OK, I got the files from http://ebooksgratuits.com/. The Académie Française dictionary was the one not working properly (it didn't give result for searches from a French book), but the file I've downloaded now works fine.

The differences I noticed:

The "wrong" version was latin1-encoded, and gives with mobi2mobi:

EXTH doctype: EXTH
EXTH length: 96
EXTH n_items: 2
EXTH item: 100 - Author - 18 - Académie Française
EXTH item: 300 - 300 - 48 - 0x3000000000000008002000000000000000f9beefe41c91e9 1c21e8409340a6

The "right" version is utf8-encoded, and gives with mobi2mobi:

EXTH doctype: EXTH
EXTH length: 144
EXTH n_items: 6
EXTH item: 100 - Author - 20 - Académie Française
EXTH item: 300 - 300 - 48 - 0x3000000000000008002000000000000000e4f9beef1e91c2 1e81c9409340a6
EXTH item: 204 - 204 - 4 - 0x0002
EXTH item: 205 - 205 - 4 - 0x0004
EXTH item: 206 - 206 - 4 - 0x0002
EXTH item: 207 - 207 - 4 - 0x00027

For both the language flag is:

MOBIHEADER language: 1036 - 12 - 1 - FRENCH -

So, now I'm satisfied because it's working, but I don't know why the "wrong" version does not work properly and how it could be fixed.

AZed
11-23-2008, 03:23 PM
I do not undestand what you mean. My code is based on the Kindle Java code. The table I gave i taken directly from the Java code.

Were do you get your information from?
Lots of tedious reverse-engineering. I built test files with Mobipocket Creator for every single possible language, and analyzed the results. After I'd done this, I discovered that the values were almost an exact match to the Microsoft CultureInfo Class (http://msdn.microsoft.com/en-us/library/system.globalization.cultureinfo(VS.71).aspx), which confirmed my work.

What Kindle Java code is this, and where did you obtain it?d

AZed
11-23-2008, 03:40 PM
OK, I got the files from http://ebooksgratuits.com/. The Académie Française dictionary was the one not working properly (it didn't give result for searches from a French book), but the file I've downloaded now works fine.
I pulled down 'dictionnaire_academie_francaise_1932-35_8e_edition.prc', but the EBook::Tools parser is giving very different results. I'm finding language code 12, region code 4 for main language, dictionary in language, and dictionary out language, not language code 12, region code 12. The encoding is UTF-8.

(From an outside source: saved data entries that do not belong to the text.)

(* Let $\mathbf{F}$ be a Baire foliage tree on a topological space $X$, let $p\in X$ and $v\in\mathrm{scope}_{\mathbf{F}}(p)$. Then there is a foliage tree $\mathbf{G}$ such that: (d1) $0_{\mathbf{G}}=v$ and $\max\mathbf{G}=\mathrm{sons}_{\mathbf{G}}(0_{\mathbf{G}})$; (d2) $\mathbf{G}_v=\mathbf{F}_v\setminus\{p\}$, and $\mathbf{G}_v$ is the union of the pairwise disjoint sets $\mathbf{F}_m$, $m\in\max\mathbf{G}$; (d3) $\mathbf{G}$ is a foliage graft for $\mathbf{F}$; (d4) $\mathrm{impl}\,\mathbf{G}=\varnothing$; (d5) $\mathbf{G}$ is $\omega$-branching, locally strict, open in $X$, has bounded chains, and has height $2$.
   Context: $\omega=\{0,1,2,\dots\}$, ${}^{<\omega}\omega$ is the set of finite sequences of natural numbers. A tree is a strict partial order in which the set of predecessors of every node is well-ordered; $\mathrm{height}(x)$ is the ordinal isomorphic to the set of predecessors of $x$; the height of a tree is the least ordinal $\beta$ such that no node has height $\beta$; a branch is a maximal chain; $\mathrm{sons}(x)$ is the set of immediate successors of $x$; $\max$ is the set of maximal nodes; $0$ denotes the least node. A tree is $\omega$-branching if every non-maximal node has exactly $\omega$ many sons; it has bounded chains if every nonempty chain $C$ has a node $v$ with $c\leq v$ for all $c\in C$. A foliage tree is a pair $\mathbf{F}=(T,l)$ with $T$ a tree (skeleton) and $l$ a function on its nodes, $\mathbf{F}_x:=l(x)$; tree notions apply via the skeleton; $\mathrm{scope}_{\mathbf{F}}(p)=\{x:p\in\mathbf{F}_x\}$. $\mathbf{F}$ is nonincreasing if $y\geq x$ implies $\mathbf{F}_y\subseteq\mathbf{F}_x$. $\mathbf{F}$ is locally strict if each non-maximal leaf $\mathbf{F}_x$ is the disjoint union of $\mathbf{F}_s$, $s\in\mathrm{sons}(x)$; has strict branches if it has a node and for each branch $B$, $\bigcap_{x\in B}\mathbf{F}_x$ is a singleton; is open in $X$ if all leaves are open in $X$; is a foliage $\omega,\omega$-tree if its skeleton is order-isomorphic to $({}^{<\omega}\omega,\subsetneq)$. A Baire foliage tree on $X$ is an open in $X$, locally strict foliage $\omega,\omega$-tree with strict branches and $\mathbf{F}_{0_{\mathbf{F}}}=X$. A tree $\mathcal{G}$ is a graft for a tree $\mathcal{T}$ if $\mathcal{G}$ has more than one node, has a least node $0_{\mathcal{G}}$, the common nodes of $\mathcal{G}$ and $\mathcal{T}$ are exactly $\{0_{\mathcal{G}}\}\cup\max\mathcal{G}$, and for common nodes $x,y$: $x<_{\mathcal{G}}y$ iff $x<_{\mathcal{T}}y$. $\mathrm{impl}\,\mathcal{G}$ is the set of nodes of $\mathcal{G}$ other than $0_{\mathcal{G}}$ and the maximal ones. For a nonincreasing foliage tree $\mathbf{F}$, a foliage graft for $\mathbf{F}$ is a nonincreasing foliage tree $\mathbf{G}$ whose skeleton is a graft for the skeleton of $\mathbf{F}$, with $\mathbf{G}_{0_{\mathbf{G}}}\subseteq\mathbf{F}_{0_{\mathbf{G}}}$ and $\mathbf{G}_m=\mathbf{F}_m$ for all $m\in\max\mathbf{G}$. *)

From Stdlib Require Import List.
From mathcomp Require Import all_boot.
From mathcomp Require Import boolp classical_sets topology.
Import ListNotations.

Did I download the wrong file?

(And ugh, I've got a bug in my HUFF/CDIC unpacker. I'm running out of bits again during the decompress, and I don't know why.)

tompe
11-23-2008, 05:24 PM
Lots of tedious reverse-engineering. I built test files with Mobipocket Creator for every single possible language, an analyzed the results. After I'd done this, I discovered that the values were almost an exact match to the Microsoft CultureInfo Class (http://msdn.microsoft.com/en-us/library/system.globalization.cultureinfo(VS.71).aspx), which confirmed my work.

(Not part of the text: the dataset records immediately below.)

(* Let $p$ be a prime. Then $\mathcal{M}_p\subseteq\{1,2,6,42,1806\}\cup p\cdot\mathcal{W}$.
   Context: For positive integers $k,n$ let $S_k(n)=\sum_{i=1}^{n} i^k$. For an integer $a$, $\mathcal{M}_a$ denotes the set of positive integers $n$ such that $S_n(n)\equiv a\pmod{n}$. A positive integer $n$ is a weak primary pseudoperfect number if $\sum_{q\mid n,\ q\text{ prime}} \frac{n}{q}+1\equiv 0\pmod{n}$; $\mathcal{W}$ denotes the set of weak primary pseudoperfect numbers. For a set $A$ and integer $c$, $c\cdot A=\{ca: a\in A\}$. *)

From mathcomp Require Import all_boot.
Set Implicit Arguments.
Unset Strict Implicit.
Unset Printing Implicit Defensive.

Definition S (k n : nat) : nat := \sum_(1 <= i < n.+1) i ^ k.

Definition inM (a n : nat) : Prop := 0 < n /\ S n n = a %[mod n].

Definition weak_primary_pseudoperfect (n : nat) : Prop :=
  0 < n /\ (\sum_(q <- primes n) n %/ q) + 1 = 0 %[mod n].

From mathcomp Require Import all_boot all_algebra fingroup cyclic finfield.
From mathcomp Require Import ring.

Set Implicit Arguments.
Unset Strict Implicit.
Unset Printing Implicit Defensive.

(* For a prime r dividing n, cutting 1..n into blocks of length r gives
   S_n(n) = (n/r) * sum_{j<r} j^n (mod r), and sum_{j<r} j^n is -1 or 0 modulo r
   according as r - 1 divides n or not.  Comparing with S_n(n) = p (mod r) forces,
   for r <> p, that r - 1 | n, r^2 does not divide n and r | n/r + p.  If p^2 | n,
   blocks of length p^2 work modulo p^2 because (j + p)^n = j^n (mod p^2) when p | n,
   and give p^3 not dividing n and p | n/p^2 + 1.
   If p does not divide n, then n is squarefree with r - 1 | n for each of its
   prime factors r; removing the largest prime factor descends through
   1, 2, 6, 42, 1806.  If p divides n, the conditions on m = n/p say that m is
   squarefree and r | m/r + 1 for each prime r | m, which makes m weak primary
   pseudoperfect. *)

Section FiniteFieldPowerSums.
Import GRing.Theory FinRing.Theory.
Local Open Scope ring_scope.
Variable F : finFieldType.

Lemma expf_card_pred (x : F) : x != 0 -> x ^+ #|F|.-1 = 1.
Proof.
move=> x_nz; apply: (mulIf x_nz).
by rewrite mul1r -exprSr (ltn_predK (finNzRing_gt1 F)) expf_card.
Qed.

Lemma natr_card_finField : #|F|%:R = 0 :> F.
Proof. by rewrite -zmodXgE -cardsT expg_cardG ?inE. Qed.

Lemma sum_expr_finField n : (0 < n)%N ->
  \sum_(x : F) x ^+ n = if (#|F|.-1 %| n)%N then -1 else 0.
Proof.
move=> n_gt0; have card_nz : #|[pred x : F | x != 0]| = #|F|.-1.
  by rewrite -(cardC1 (0 : F)).
case: ifPn => [dvd_n | ndvd_n].
  rewrite (bigD1 0) //= expr0n gtn_eqF // add0r.
  rewrite (eq_bigr (fun=> 1)) => [|x x_nz]; last first.
    by case/dvdnP: dvd_n => k ->; rewrite mulnC exprM expf_card_pred ?expr1n.
  rewrite sumr_const card_nz -[RHS]add0r -natr_card_finField.
  by rewrite -(ltn_predK (finNzRing_gt1 F)) mulrSr addrK.
have [z z_nz z_prim] : exists2 z : F, z != 0 & (#|F|.-1).-primitive_root z.
  have := @has_prim_root _ #|F|.-1 (enum [pred x : F | x != 0]).
  rewrite -cardE card_nz leqnn enum_uniq -ltnS (ltn_predK (finNzRing_gt1 F)).
  rewrite finNzRing_gt1; case/(_ isT _ isT isT)/hasP.
    by apply/allP => x; rewrite mem_enum unity_rootE => /expf_card_pred->.
  by move=> z; rewrite mem_enum; exists z.
have zn_neq1 : z ^+ n != 1 by rewrite -(prim_order_dvd z_prim).
have : (z ^+ n - 1) * \sum_(x : F) x ^+ n = 0.
  rewrite mulrBl mul1r mulr_sumr [X in _ - X](reindex_inj (mulfI z_nz)) /=.
  by rewrite -sumrB big1 // => x _; rewrite exprMn subrr.
by move/eqP; rewrite mulf_eq0 subr_eq0 (negbTE zn_neq1) => /eqP.
Qed.
End FiniteFieldPowerSums.

Section PrimeFieldPowerSums.
Import GRing.Theory.
Local Open Scope ring_scope.

Lemma sum_expn_mod_prime r n : prime r -> (0 < n)%N ->
  (\sum_(0 <= j < r) j ^ n = (if r.-1 %| n then r.-1 else 0) %[mod r])%N.
Proof.
move=> r_pr n_gt0; rewrite -!(val_Fp_nat r_pr); congr nat_of_ord.
have -> : (\sum_(0 <= j < r) j ^ n)%:R = \sum_(x : 'F_r) x ^+ n.
  rewrite natr_sum -[X in index_iota 0 X](Fp_cast r_pr) big_mkord.
  by apply: eq_bigr => x _; rewrite natrX natr_Zp.
rewrite sum_expr_finField // card_Fp //; case: ifP => // _.
by apply/esym/eqP; rewrite -subr_eq0 opprK -mulrSr (ltn_predK (prime_gt1 r_pr)) pchar_Fp_0.
Qed.
End PrimeFieldPowerSums.

Lemma power_sum_mul_mod_prime r n a c : prime r -> 0 < n -> ~~ (r %| c) ->
  a * \sum_(0 <= j < r) j ^ n = c %[mod r] ->
  [/\ r.-1 %| n, ~~ (r %| a) & r %| a + c].
Proof.
move=> r_pr n_gt0 r_ndvd_c; rewrite -modnMmr sum_expn_mod_prime // modnMmr.
have r_pred : r.-1.+1 = r := ltn_predK (prime_gt1 r_pr).
case: ifP => [dvd_n | _] a_c; last by rewrite /dvdn -a_c muln0 mod0n in r_ndvd_c.
have r_dvd_ac : r %| a + c by rewrite /dvdn -modnDmr -a_c modnDmr addnC -mulnSr r_pred modnMl.
split=> //; apply: contra r_ndvd_c => r_dvd_a.
by rewrite -(dvdn_addr _ r_dvd_a).
Qed.

Lemma sum_periodic_mod (f : nat -> nat) d M k :
  (forall i, f (i + d) = f i %[mod M]) ->
  \sum_(0 <= i < k * d) f i = k * \sum_(0 <= i < d) f i %[mod M].
Proof.
move=> f_per; elim: k => [|k IHk]; first by rewrite mul0n big_geq.
rewrite mulSn (big_cat_nat (leq0n d) (leq_addr _ _)) /=.
have -> : \sum_(d <= i < d + k * d) f i = \sum_(0 <= i < k * d) f (i + d).
  by rewrite -{1}[d]add0n big_addn addKn.
rewrite -modnDmr -modn_summ [X in _ + X %% M](eq_bigr (fun i => f i %% M)).
  by rewrite modn_summ IHk modnDmr mulSn.
by move=> i _; apply: f_per.
Qed.

Lemma S_self_mod_dvd n d : 0 < n -> d %| n ->
  S n n = n %/ d * \sum_(0 <= j < d) j ^ n %[mod d].
Proof.
move=> n_gt0 d_dvd_n.
have S_shift : S n n = \sum_(0 <= i < n) i ^ n + n ^ n.
  by rewrite /S big_nat_recr //= (big_ltn n_gt0) exp0n.
have d_per i : (i + d) ^ n = i ^ n %[mod d] by rewrite -modnXm modnDr modnXm.
rewrite S_shift -modnDmr (eqP (dvdn_exp n_gt0 d_dvd_n)) addn0.
by rewrite -{1}(divnK d_dvd_n) sum_periodic_mod.
Qed.

Lemma expnD_mod_sq j p k :
  (j + p) ^ k.+1 = j ^ k.+1 + k.+1 * p * j ^ k %[mod p ^ 2].
Proof.
elim: k => [|k IHk]; first by rewrite expn1 expn0 muln1 mul1n.
rewrite expnS -modnMmr IHk modnMmr.
have -> : (j + p) * (j ^ k.+1 + k.+1 * p * j ^ k) =
          p ^ 2 * (k.+1 * j ^ k) + (j ^ k.+2 + k.+2 * p * j ^ k.+1).
  by rewrite !expnS; ring.
by rewrite mulnC modnMDl.
Qed.

Lemma expnD_dvd_mod_sq j p n : p %| n -> (j + p) ^ n = j ^ n %[mod p ^ 2].
Proof.
case: n => [|k] /dvdnP[t k_eq] //; rewrite expnD_mod_sq.
have -> : k.+1 * p * j ^ k = t * j ^ k * p ^ 2 by rewrite k_eq; ring.
by rewrite addnC modnMDl.
Qed.

Lemma inM_prime_dvd p n r : prime p -> inM p n -> prime r -> r %| n -> r != p ->
  [/\ ~~ (r * r %| n), r.-1 %| n & r %| n %/ r + p].
Proof.
move=> p_pr [n_gt0 Sn] r_pr r_dvd_n r_neq_p.
have r_ndvd_p : ~~ (r %| p) by rewrite dvdn_prime2.
have Sn_r : S n n = p %[mod r] by rewrite -(modn_dvdm _ r_dvd_n) Sn modn_dvdm.
have := S_self_mod_dvd n_gt0 r_dvd_n; rewrite Sn_r => /esym.
case/(power_sum_mul_mod_prime r_pr n_gt0 r_ndvd_p) => -> r_ndvd_nr ->.
split=> //; apply: contra r_ndvd_nr.
by rewrite -{1}(divnK r_dvd_n) dvdn_pmul2r ?prime_gt0.
Qed.

Lemma inM_prime_sq_dvd p n : prime p -> inM p n -> p * p %| n ->
  ~~ (p %| n %/ (p * p)) /\ p %| n %/ (p * p) + 1.
Proof.
move=> p_pr [n_gt0 Sn] pp_dvd_n.
have p_dvd_n : p %| n := dvdn_trans (dvdn_mulr _ (dvdnn p)) pp_dvd_n.
have Sn_pp : S n n = p %[mod p * p] by rewrite -(modn_dvdm _ pp_dvd_n) Sn modn_dvdm.
have sum_pp := @sum_periodic_mod (fun j => j ^ n) p (p ^ 2) p
  (fun j => expnD_dvd_mod_sq j p_dvd_n).
rewrite -mulnn in sum_pp.
set a := n %/ (p * p); set T := \sum_(0 <= j < p) j ^ n in sum_pp.
have : p * (a * T) = p * 1 %[mod p * p].
  by rewrite muln1 -Sn_pp S_self_mod_dvd // -/a -[RHS]modnMmr sum_pp modnMmr mulnCA.
rewrite -!muln_modr => /eqP; rewrite eqn_pmul2l ?prime_gt0 // => /eqP aT.
have p_ndvd_1 : ~~ (p %| 1) by rewrite dvdn1 gtn_eqF ?prime_gt1.
by case: (power_sum_mul_mod_prime p_pr n_gt0 p_ndvd_1 aT).
Qed.

Lemma inM_div_prime p n : prime p -> inM p n -> p %| n ->
  forall r, prime r -> r %| n %/ p -> ~~ (r * r %| n %/ p) /\ r %| n %/ p %/ r + 1.
Proof.
move=> p_pr Mn p_dvd_n; have p_gt0 := prime_gt0 p_pr.
have n_eq : n = p * (n %/ p) by rewrite mulnC divnK.
set m := n %/ p in n_eq *; move=> r r_pr r_dvd_m.
case: (eqVneq r p) r_dvd_m => [{r_pr}-> p_dvd_m | r_neq_p r_dvd_m].
  have pp_dvd_n : p * p %| n by rewrite n_eq dvdn_pmul2l.
  have := inM_prime_sq_dvd p_pr Mn pp_dvd_n; rewrite n_eq divnMl // => -[p_ndvd ->].
  by split=> //; apply: contra p_ndvd; rewrite -{1}(divnK p_dvd_m) dvdn_pmul2r.
have r_dvd_n : r %| n by rewrite n_eq dvdn_mull.
have [rr_ndvd_n _ r_dvd] := inM_prime_dvd p_pr Mn r_pr r_dvd_n r_neq_p.
split; first by apply: contra rr_ndvd_n; rewrite n_eq; apply: dvdn_mull.
have r_coprime_p : coprime r p by rewrite prime_coprime // dvdn_prime2 // r_neq_p.
by move: r_dvd; rewrite n_eq -muln_divA // -{2}(muln1 p) -mulnDr Gauss_dvdr.
Qed.

Lemma squarefree_dvdn m X : 0 < m ->
  (forall r, prime r -> r %| m -> ~~ (r * r %| m)) ->
  (forall r, prime r -> r %| m -> r %| X) -> m %| X.
Proof.
move=> m_gt0 m_sqfree dvd_X; apply/(dvdn_partP _ m_gt0) => r.
rewrite mem_primes => /and3P[r_pr _ r_dvd_m].
have logn_ge1 : 0 < logn r m by rewrite -pfactor_dvdn.
have logn_lt2 : logn r m < 2 by rewrite ltnNge -pfactor_dvdn // -mulnn m_sqfree.
have logn_eq1 : logn r m = 1 by apply/anti_leq; rewrite -ltnS logn_lt2.
by rewrite p_part logn_eq1 expn1 dvd_X.
Qed.

Lemma weak_primary_pseudoperfect_sqfree m : 0 < m ->
  (forall r, prime r -> r %| m -> ~~ (r * r %| m) /\ r %| m %/ r + 1) ->
  weak_primary_pseudoperfect m.
Proof.
move=> m_gt0 m_primes; split=> //; rewrite mod0n; apply/eqP.
apply: squarefree_dvdn => // [r r_pr /(m_primes r r_pr)[] // | r r_pr r_dvd_m].
rewrite (bigD1_seq r) ?mem_primes ?r_pr ?m_gt0 ?r_dvd_m ?primes_uniq //=.
rewrite -addnA addnCA dvdn_addr; first by case: (m_primes r r_pr r_dvd_m).
rewrite big_seq_cond; apply: dvdn_sum => q /andP[].
rewrite mem_primes => /and3P[q_pr _ q_dvd_m] q_neq_r.
have r_coprime_q : coprime r q by rewrite prime_coprime // dvdn_prime2 // eq_sym.
by rewrite -(Gauss_dvdl _ r_coprime_q) divnK.
Qed.

Lemma Gauss_dvdr_lt_prime x q m : prime q -> 0 < x < q -> x %| q * m -> x %| m.
Proof.
move=> q_pr /andP[x_gt0 x_lt_q]; rewrite Gauss_dvdr // coprime_sym prime_coprime //.
by apply: contraL x_lt_q => /(dvdn_leq x_gt0); rewrite leqNgt.
Qed.

Lemma primary_list_mul_prime (m q : nat) :
  m \in [:: 1; 2; 6; 42; 1806] -> prime q -> q.-1 %| m -> ~~ (q %| m) ->
  q * m \in [:: 1; 2; 6; 42; 1806].
Proof.
move=> m_in q_pr q1_dvd_m q_ndvd_m.
(* [if] rather than [==>] keeps [vm_compute] from evaluating every product. *)
have table : all (fun m => all (fun d =>
    if prime d.+1 && ~~ (d.+1 %| m) then d.+1 * m \in [:: 1; 2; 6; 42; 1806] else true)
    (divisors m)) [:: 1; 2; 6; 42; 1806] by vm_compute.
have m_gt0 : 0 < m by case: m m_in {q1_dvd_m q_ndvd_m}.
move/allP/(_ m m_in)/allP/(_ q.-1): table.
by rewrite -dvdn_divisors // q1_dvd_m (ltn_predK (prime_gt1 q_pr)) q_pr q_ndvd_m => /(_ isT).
Qed.

Lemma squarefree_pred_dvd_primary_list n : 0 < n ->
  (forall r, prime r -> r %| n -> ~~ (r * r %| n) /\ r.-1 %| n) ->
  n \in [:: 1; 2; 6; 42; 1806].
Proof.
elim/ltn_ind: n => n IHn n_gt0 n_primes.
have [n_le1 | n_gt1] := leqP n 1; first by rewrite (@anti_leq n 1) ?n_le1.
set P := max_pdiv n; have P_pr : prime P := max_pdiv_prime n_gt1.
have P_dvd_n : P %| n := max_pdiv_dvd n.
have n_eq : n = P * (n %/ P) by rewrite mulnC divnK.
have P_max r : prime r -> r %| n -> r <= P.
  by move=> r_pr r_dvd_n; apply: max_pdiv_max; rewrite mem_primes r_pr n_gt0.
set m := n %/ P in n_eq; clearbody m P.
have m_gt0 : 0 < m by move: n_gt0; rewrite n_eq muln_gt0 => /andP[].
have P_ndvd_m : ~~ (P %| m).
  by apply: contra (n_primes P P_pr P_dvd_n).1; rewrite n_eq dvdn_pmul2l ?prime_gt0.
have pred_dvd_m r : prime r -> r <= P -> r %| n -> r.-1 %| m.
  move=> r_pr r_le_P r_dvd_n; apply: (Gauss_dvdr_lt_prime P_pr); last first.
    by rewrite -n_eq; case: (n_primes r r_pr r_dvd_n).
  by rewrite -ltnS (ltn_predK (prime_gt1 r_pr)) prime_gt1.
rewrite n_eq; apply: primary_list_mul_prime => //;
  last exact: pred_dvd_m P_pr (leqnn P) P_dvd_n.
apply: IHn => // [|r r_pr r_dvd_m]; first by rewrite n_eq ltn_Pmull ?prime_gt1.
have r_dvd_n : r %| n by rewrite n_eq dvdn_mull.
split; first by apply: contra (n_primes r r_pr r_dvd_n).1; rewrite n_eq; apply: dvdn_mull.
apply: pred_dvd_m => //; exact: P_max.
Qed.

Theorem mainTheorem13 (p : nat) (hp : prime p) (n : nat) :
  inM p n ->
  n \in [:: 1; 2; 6; 42; 1806] \/
  exists m, weak_primary_pseudoperfect m /\ n = p * m.
Proof.
move=> Mn; have [n_gt0 _] := Mn.
have [p_dvd_n | p_ndvd_n] := boolP (p %| n).
  right; exists (n %/ p); split; last by rewrite mulnC divnK.
  apply: weak_primary_pseudoperfect_sqfree; last exact: inM_div_prime.
  by rewrite divn_gt0 ?prime_gt0 // dvdn_leq.
left; apply: squarefree_pred_dvd_primary_list => // r r_pr r_dvd_n.
have r_neq_p : r != p by apply: contraNneq p_ndvd_n => <-.
by have [] := inM_prime_dvd hp Mn r_pr r_dvd_n r_neq_p.
Qed.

The Cultureinfo web page says that the code for fr-FR is 0x040C which is 1036. Which is what mobi2mobi printed. So why should that be wrong?

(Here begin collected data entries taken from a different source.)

Lemma ladder_of_two_paths pL pR :
  pairwise before pL -> pairwise before pR -> {subset pL <= C} -> {subset pR <= C} ->
  (forall l r, l \in pL -> r \in pR -> before l r /\ col l r = c0) ->
  size pL = n -> size pR = n ->
  sorted (fun x y => col x y == c0) pL -> sorted (fun x y => col x y == c0) pR ->
  mono_noncrossing_ladder n C col.
Proof.
move=> pL_before pR_before pL_C pR_C cross size_pL size_pR path_L path_R.
apply: (ladder_on_swept (q := pL ++ pR) (c := c0)).
- rewrite pairwise_cat pL_before pR_before !andbT; apply/allrelP => l r lL rR.
  by case: (cross l r lL rR).
- by rewrite size_cat size_pL size_pR; lia.
- by move=> x; rewrite mem_cat => /orP [/pL_C | /pR_C].
move=> i j ij jn link; rewrite !nth_cat size_pL.
have [j_lt_n | n_le_j] := ltnP j n.
  have ji : j = i.+1 by move: link; rewrite /ladder_link; lia.
  by subst j; rewrite (ltnW j_lt_n); apply/eqP/(sortedP 0 path_L); rewrite size_pL.
have [i_lt_n | n_le_i] := ltnP i n.
  apply: (cross _ _ _ _).2; apply: mem_nth.
    by rewrite size_pL.
  by rewrite size_pR; lia.
have ji : j = i.+1 by move: link; rewrite /ladder_link; lia.
subst j; rewrite subSn //.
by apply/eqP/(sortedP 0 path_R); rewrite size_pR; lia.
Qed.

End MonochromaticLadder.

Theorem lemmal (R : realFieldType) (n : nat) (C : seq (point R))
    (col : point R -> point R -> bool) (L Rs : seq (point R)) :
  (1 <= n)%N ->
  convex_position C ->
  (forall p q, col p q = col q p) ->
  uniq L -> uniq Rs ->
  {subset L <= C} -> {subset Rs <= C} ->
  (forall p, p \in L -> p \notin Rs) ->
  size L = (2 * n ^ 2)%N -> size Rs = (2 * n ^ 2)%N ->
  line_separated L Rs ->
  (exists c : bool, forall p q, p \in L -> q \in Rs -> col p q = c) ->
  mono_noncrossing_ladder n C col.
Proof.
move=> n_gt0 cpC col_sym uL uR LC RC disjLR sizeL sizeR sepLR [c0 col_LR].
have [o oR L_before_R] : exists2 o, o \in Rs & forall l r, l \in L -> r \in Rs -> before C o l r.
  apply: exists_pivot => //; rewrite -size_eq0 -lt0n ?sizeL ?sizeR;
  by rewrite muln_gt0 expn_gt0 n_gt0.
have oC := RC o oR.
have [[pL [pL_L pL_before size_pL path_L]] | //] :=
  path_or_ladder c0 n_gt0 cpC oC col_sym LC uL sizeL.
have [[pR [pR_R pR_before size_pR path_R]] | //] :=
  path_or_ladder c0 n_gt0 cpC oC col_sym RC uR sizeR.
apply: (ladder_of_two_paths (c0 := c0) n_gt0 cpC oC col_sym pL_before pR_before) => //.
- by move=> x /pL_L /LC.
- by move=> x /pR_R /RC.
by move=> l r /pL_L lL /pR_R rR; split; [apply: L_before_R | apply: col_LR].
Qed.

What Kindle Java code is this, and where did you obtain it?

I got it from igorsk so ask him about a link. If that do not work ask me (I can probably find the files but I do not remember now were I put them :-)

AZed
11-23-2008, 06:00 PM
The Cultureinfo web page says that the code for fr-FR is 0x040C which is 1036. Which is what mobi2mobi printed. So why should that be wrong?
Ah, because I had thought the three numbers represented the same three segments I was using (language/region/unknown). My bad. It looks like what mobi2mobi is printing is "unsplit value" / "language code" / "region code >> 2", and once you look at them like that, the numbers make sense again, and the values match what I'm getting. Never mind, then.

AZed
11-23-2008, 06:02 PM
So, now I'm satisfied because it's working, but I don't know why the "wrong" version does not work properly and how it could be fixed.
Jellby, is there any way you could send me the "wrong" version (by uploading it to Rapidshare or some other file hosting service, for instance) so that I could have a peek at it? I'd like to confirm my theory.